LOVE TURMOIL

 

 

  • Confessions of a Burning Soul by Joanne Bugeja (Olympia, ISBN 978-1-78830-023-0)

 

 

Poetry and love form a perennial artistic partnership. It began with primitive bards scratching their first graffiti in underground caves and it has continued to this day and age of electronic phenomena and horrific climatic change.

It is not a sedentary partnership but is more of a cool vehicle one either drives resolutely to romantic eternity or on which one simply prefers to get an easy ride. Whichever way the poet decides, it is always a live wire that both shocks and pampers the soul, a massive paradox that has entertained and challenged countless generations. As a medium, poetry is a survivor and much of the credit goes to the wondrous avenues it provides in the search and confirmation of love destinations, love destinies and love conundrums.

Joanne Bugeja makes no bones about her affinity with romantic torrents and tribulations.

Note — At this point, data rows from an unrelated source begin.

(* Let $\Theta\subseteq\mathbb{R}^p$ be convex and let $f=\frac1T\sum_{t=1}^Tf^t$ where each $f^t:\mathbb{R}^p\to\mathbb{R}$ is continuous, $f$ is convex with a minimizer $\theta^\star$ on $\Theta$, $f^\star\triangleq\min_{\theta\in\Theta}f(\theta)$, and $\delta\triangleq1/T$. Consider the incremental scheme (MISO): given $\theta_0\in\Theta$, choose surrogates $g_0^t$ of $f^t$ near $\theta_0$ for all $t$; for $n\ge1$, pick $\hat t_n\in\{1,\dots,T\}$ uniformly at random (independently), choose a surrogate $g_n^{\hat t_n}$ of $f^{\hat t_n}$ near $\theta_{n-1}$, set $g_n^t\triangleq g_{n-1}^t$ for $t\ne\hat t_n$, and set $\theta_n\in\operatorname{arg\,min}_{\theta\in\Theta}\frac1T\sum_{t=1}^Tg_n^t(\theta)$. Assume every surrogate is a majorant function, with $g_0^t\in\mathcal{S}_{L,\rho}(f^t,\theta_0)$ and $g_n^{\hat t_n}\in\mathcal{S}_{L,\rho}(f^{\hat t_n},\theta_{n-1})$, where $\rho\ge L$. Then $$\mathbb{E}[f(\theta_n)-f^\star]\le\frac{L\|\theta^\star-\theta_0\|_2^2}{2\delta n}\quad\text{for all }n\ge1.$$ If moreover $f$ is $\mu$-strongly convex, then for all $n\ge1$, $$\mathbb{E}[\|\theta^\star-\theta_n\|_2^2]\le\Big((1-\delta)+\delta\frac{L}{\rho+\mu}\Big)^n\|\theta^\star-\theta_0\|_2^2,\qquad\mathbb{E}[f(\theta_n)-f^\star]\le\Big((1-\delta)+\delta\frac{L}{\rho+\mu}\Big)^{n-1}\frac{L\|\theta^\star-\theta_0\|_2^2}{2}.$$
   Context: First-order surrogates: $g:\mathbb{R}^p\to\mathbb{R}$ belongs to $\mathcal{S}_L(\phi,\kappa)$ if (a) $g(\theta')\ge\phi(\theta')$ for all $\theta'\in\operatorname{arg\,min}_{\theta\in\Theta}g(\theta)$, and (b) $h\triangleq g-\phi$ is differentiable with $L$-Lipschitz gradient, $h(\kappa)=0$, $\nabla h(\kappa)=0$; $\mathcal{S}_{L,\rho}(\phi,\kappa)$ is the subset of $\rho$-strongly convex elements. A majorant function satisfies $g\ge\phi$ everywhere. The minimizers are assumed to exist. *)

From HB Require Import structures.
From mathcomp Require Import all_boot all_order all_algebra.
From mathcomp Require Import all_classical all_reals all_analysis.
Set Implicit Arguments. Unset Strict Implicit. Unset Printing Implicit Defensive.
Import Order.TTheory GRing.Theory Num.Theory.
Import numFieldNormedType.Exports.
Local Open Scope ring_scope.

Section MISO_defs.
Variables (R : realType) (p : nat).
Notation V := 'rV[R]_p.

Definition norm2 (v : V) : R := Num.sqrt (\sum_(i < p) (v ord0 i) ^+ 2).

Definition grad (h : V -> R) (x : V) : V :=
  \row_(i < p) ('D_(delta_mx ord0 i : V) h x).

Definition convex_fun (f : V -> R) : Prop :=
  forall x y (l : R), 0 <= l <= 1 ->
    f (l *: x + (1 - l) *: y) <= l * f x + (1 - l) * f y.

Definition strongly_convex (mu : R) (f : V -> R) : Prop :=
  forall x y (l : R), 0 <= l <= 1 ->
    f (l *: x + (1 - l) *: y) <=
      l * f x + (1 - l) * f y - mu / 2 * l * (1 - l) * norm2 (x - y) ^+ 2.

Definition is_argmin (Theta : set V) (g : V -> R) (th : V) : Prop :=
  Theta th /\ forall th', Theta th' -> g th <= g th'.

Definition majorant (phi g : V -> R) : Prop := forall x, phi x <= g x.

Definition first_order_surrogate (Theta : set V) (L : R) (phi : V -> R)
    (kappa : V) (g : V -> R) : Prop :=
  let h := fun x => g x - phi x in
  [/\ (forall th', is_argmin Theta g th' -> phi th' <= g th'),
      (forall x, differentiable h x),
      (forall x y, norm2 (grad h x - grad h y) <= L * norm2 (x - y)),
      h kappa = 0 &
      grad h kappa = 0].

Definition strong_surrogate (Theta : set V) (L rho : R) (phi : V -> R)
    (kappa : V) (g : V -> R) : Prop :=
  first_order_surrogate Theta L phi kappa g /\ strongly_convex rho g.

(* A run of MISO: the random indices hat t_1, ..., hat t_n form the history
   h = [:: hat t_1; ...; hat t_n] (a seq 'I_T); the iterate theta_n = th h and
   the surrogates g_n^t = g h t are (arbitrary) deterministic functions of the
   history. *)
Definition miso_run (T : nat) (Theta : set V) (L rho : R)
    (F : 'I_T -> V -> R) (theta0 : V)
    (th : seq 'I_T -> V) (g : seq 'I_T -> 'I_T -> V -> R) : Prop :=
  [/\ th [::] = theta0,
      (forall t, majorant (F t) (g [::] t) /\
                 strong_surrogate Theta L rho (F t) theta0 (g [::] t)),
      (forall h i, majorant (F i) (g (rcons h i) i) /\
                   strong_surrogate Theta L rho (F i) (th h) (g (rcons h i) i)),
      (forall h i t, t != i -> g (rcons h i) t = g h t) &
      (forall h, h != [::] ->
         is_argmin Theta (fun x => T%:R^-1 * \sum_(t < T) g h t x) (th h))].

(* expectation over n i.i.d. uniform indices in {1..T} *)
Definition expect_n (T n : nat) (X : seq 'I_T -> R) : R :=
  (T%:R ^+ n)^-1 * \sum_(h : n.-tuple 'I_T) X (tval h).

End MISO_defs.

(* Each surrogate g^t lies between f^t and f^t + L/2 |. - kappa^t|^2, by the
   descent lemma for the L-smooth error g^t - f^t, which vanishes to first
   order at its anchor point kappa^t.  The averaged surrogate gbar_n is
   rho-strongly convex with minimiser theta_n, so comparing it at theta_n and
   at thstar gives
     gbar_n(theta_n) - f* <= L/2 A_n - rho/2 |thstar - theta_n|^2,
   where A_n averages |thstar - kappa^t|^2 over the anchors.  A random step
   replaces one anchor by theta_n, hence E A_(n+1) = (1 - delta) E A_n
   + delta E |thstar - theta_n|^2.  For rho >= L the potential (L / 2 delta) A_n
   thus pays for the gap; as gbar_n(theta_n) is nonincreasing and dominates
   f(theta_n), telescoping yields the O(1/n) rate.  If f is mu-strongly convex,
   also mu/2 |thstar - theta_n|^2 <= f(theta_n) - f*, so
   |thstar - theta_n|^2 <= L/(rho + mu) A_n and E A_n contracts by the factor
   (1 - delta) + delta L/(rho + mu). *)

From HB Require Import structures.
From mathcomp Require Import all_boot all_order all_algebra.
From mathcomp Require Import all_classical all_reals all_analysis.
From mathcomp Require Import ring lra.
Set Implicit Arguments. Unset Strict Implicit. Unset Printing Implicit Defensive.
Import Order.TTheory GRing.Theory Num.Theory.
Import numFieldNormedType.Exports.
Local Open Scope ring_scope.

Lemma sqr_le_mul_of_quadratic_ge0 (R : realFieldType) (a b s : R) :
  0 <= a -> (forall t, 0 <= a * t ^+ 2 - 2 * s * t + b) -> s ^+ 2 <= a * b.
Proof.
move=> a_ge0 q_ge0.
have b_ge0 : 0 <= b by have := q_ge0 0; rewrite expr0n /=; lra.
have [a0|a_gt0] := eqVneq a 0.
  have [s0|s_neq0] := eqVneq s 0; first by rewrite s0 a0 expr0n mul0r.
  have := q_ge0 ((b + 1) / (2 * s)); rewrite a0 mul0r add0r.
  rewrite mulrCA mulfV ?mulf_neq0 ?pnatr_eq0 //; lra.
have a_pos : 0 < a by rewrite lt_def a_gt0.
have := q_ge0 (s / a).
have -> : a * (s / a) ^+ 2 - 2 * s * (s / a) + b = b - s ^+ 2 / a.
  by field; rewrite gt_eqF.
by rewrite subr_ge0 ler_pdivrMr // mulrC.
Qed.

Section Norm2.
Variables (R : realType) (p : nat).
Local Notation V := 'rV[R]_p.

Definition vdot (u w : V) : R := \sum_(i < p) u 0 i * w 0 i.

Lemma norm2_ge0 (v : V) : 0 <= norm2 v.
Proof. exact: sqrtr_ge0. Qed.

Lemma norm2Z (c : R) (v : V) : norm2 (c *: v) = `|c| * norm2 v.
Proof.
rewrite /norm2 -sqrtr_sqr -sqrtrM ?sqr_ge0 // mulr_sumr.
by congr Num.sqrt; apply: eq_bigr => i _; rewrite mxE exprMn.
Qed.

Lemma norm2N (v : V) : norm2 (- v) = norm2 v.
Proof. by rewrite -scaleN1r norm2Z normrN normr1 mul1r. Qed.

Lemma vdot_le_norm2 (u w : V) : vdot u w <= norm2 u * norm2 w.
Proof.
have sq_ge0 (v : V) : 0 <= \sum_(i < p) v 0 i ^+ 2.
  by apply: sumr_ge0 => i _; exact: sqr_ge0.
have discr : vdot u w ^+ 2 <= (\sum_(i < p) u 0 i ^+ 2) * \sum_(i < p) w 0 i ^+ 2.
  apply: sqr_le_mul_of_quadratic_ge0 => // t.
  have -> : (\sum_(i < p) u 0 i ^+ 2) * t ^+ 2 - 2 * vdot u w * t
            + \sum_(i < p) w 0 i ^+ 2 = \sum_(i < p) (t * u 0 i - w 0 i) ^+ 2.
    rewrite /vdot mulr_suml -mulrA mulr_suml mulr_sumr -sumrB -big_split.
    by apply: eq_bigr => i _ /=; ring.
  by apply: sumr_ge0 => i _; exact: sqr_ge0.
apply: le_trans (ler_norm _) _.
by rewrite /norm2 -sqrtrM // -sqrtr_sqr ler_sqrt // mulr_ge0.
Qed.

Lemma lipschitz_norm2_ge0 (G : V -> V) (L : R) : (0 < p)%N ->
  (forall x y, norm2 (G x - G y) <= L * norm2 (x - y)) -> 0 <= L.
Proof.
move=> p_gt0 lipG; pose e : V := delta_mx 0 (Ordinal p_gt0).
have e1 : norm2 e = 1.
  rewrite /norm2 (bigD1 (Ordinal p_gt0)) //= big1 ?addr0 ?mxE ?eqxx ?expr1n ?sqrtr1 //.
  by move=> i /negbTE ne; rewrite mxE ne mulr0n expr0n.
by have := lipG e 0; rewrite subr0 e1 mulr1; apply: le_trans; exact: norm2_ge0.
Qed.

End Norm2.

Section Descent.
Variables (R : realType) (p : nat).
Local Notation V := 'rV[R]_p.

Lemma derive_grad (h : V -> R) (x v : V) : differentiable h x ->
  'D_v h x = vdot v (grad h x).
Proof.
move=> dh; rewrite deriveE // {1}(row_sum_delta v) linear_sum.
by apply: eq_bigr => i _; rewrite linearZ /= mxE -deriveE.
Qed.

Lemma is_derive_along_line (h : V -> R) (d k : V) (s : R) :
  differentiable h (s *: d + k) ->
  is_derive s 1 (fun s => h (s *: d + k)) ('D_d h (s *: d + k)).
Proof.
move=> dh.
have E : (fun t : R => t^-1 *: (((fun s => h (s *: d + k)) \o shift s) (t *: 1)
                                 - h (s *: d + k)))
   = (fun t => t^-1 *: ((h \o shift (s *: d + k)) (t *: d) - h (s *: d + k))).
  apply/funext => t /=; congr (_ *: (h _ - _)).
  by rewrite -[t%:A]/(t * 1) mulr1 scalerDl addrA.
have D : derivable (fun s : R => h (s *: d + k)) s 1.
  by rewrite /derivable E; exact: diff_derivable.
by split => //; rewrite /derive E.
Qed.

Hers is an incredibly powerful shrill that leaves the reader not only wanting to discover more, but also caught in a poetic experience of hurricane force. She is a fashionista who is not afraid to bare her soul, clothes and all, by way of declaring her heart’s dictat. In her pulsating verse, she is at times trotting down the catwalk, at others gently sending out sensuous messages of comfort and personal awareness.

It really is the love turmoil that occurs across her artistic G spot, pushing her into tougher battles, better compromises and keener situations. There is a strange, eclectic feeling to this small, delightful collection of love poetry. Bugeja comes out as the Muhammad Ali, in drag, of the genre in the spirit of “float like a butterfly, sting like a bee.”

There is also a distinct musicality to Bugeja’s poetry, again sometimes interrupted by the sound of the boxing-ring bell that, for her, offers some respite and the joy of rejuvenation.

Recipe for female readers only? Hardly. Male readers will find ways of identifying with the poet and her musings, each in his own manner, but the poems in “Confessions of a Burning Soul” will instigate, challenge and threaten either sex.

For her relatively young age, Joanne Bugeja offers such an intriguing potpourri of emotions one finds it difficult at first to cope with it all, but in just forty-nine pages, one manages to become a part of this idyllic transformation that happens with love every time it is taken, as it has always been taken through the centuries, as the poet’s unique artistic pendulum.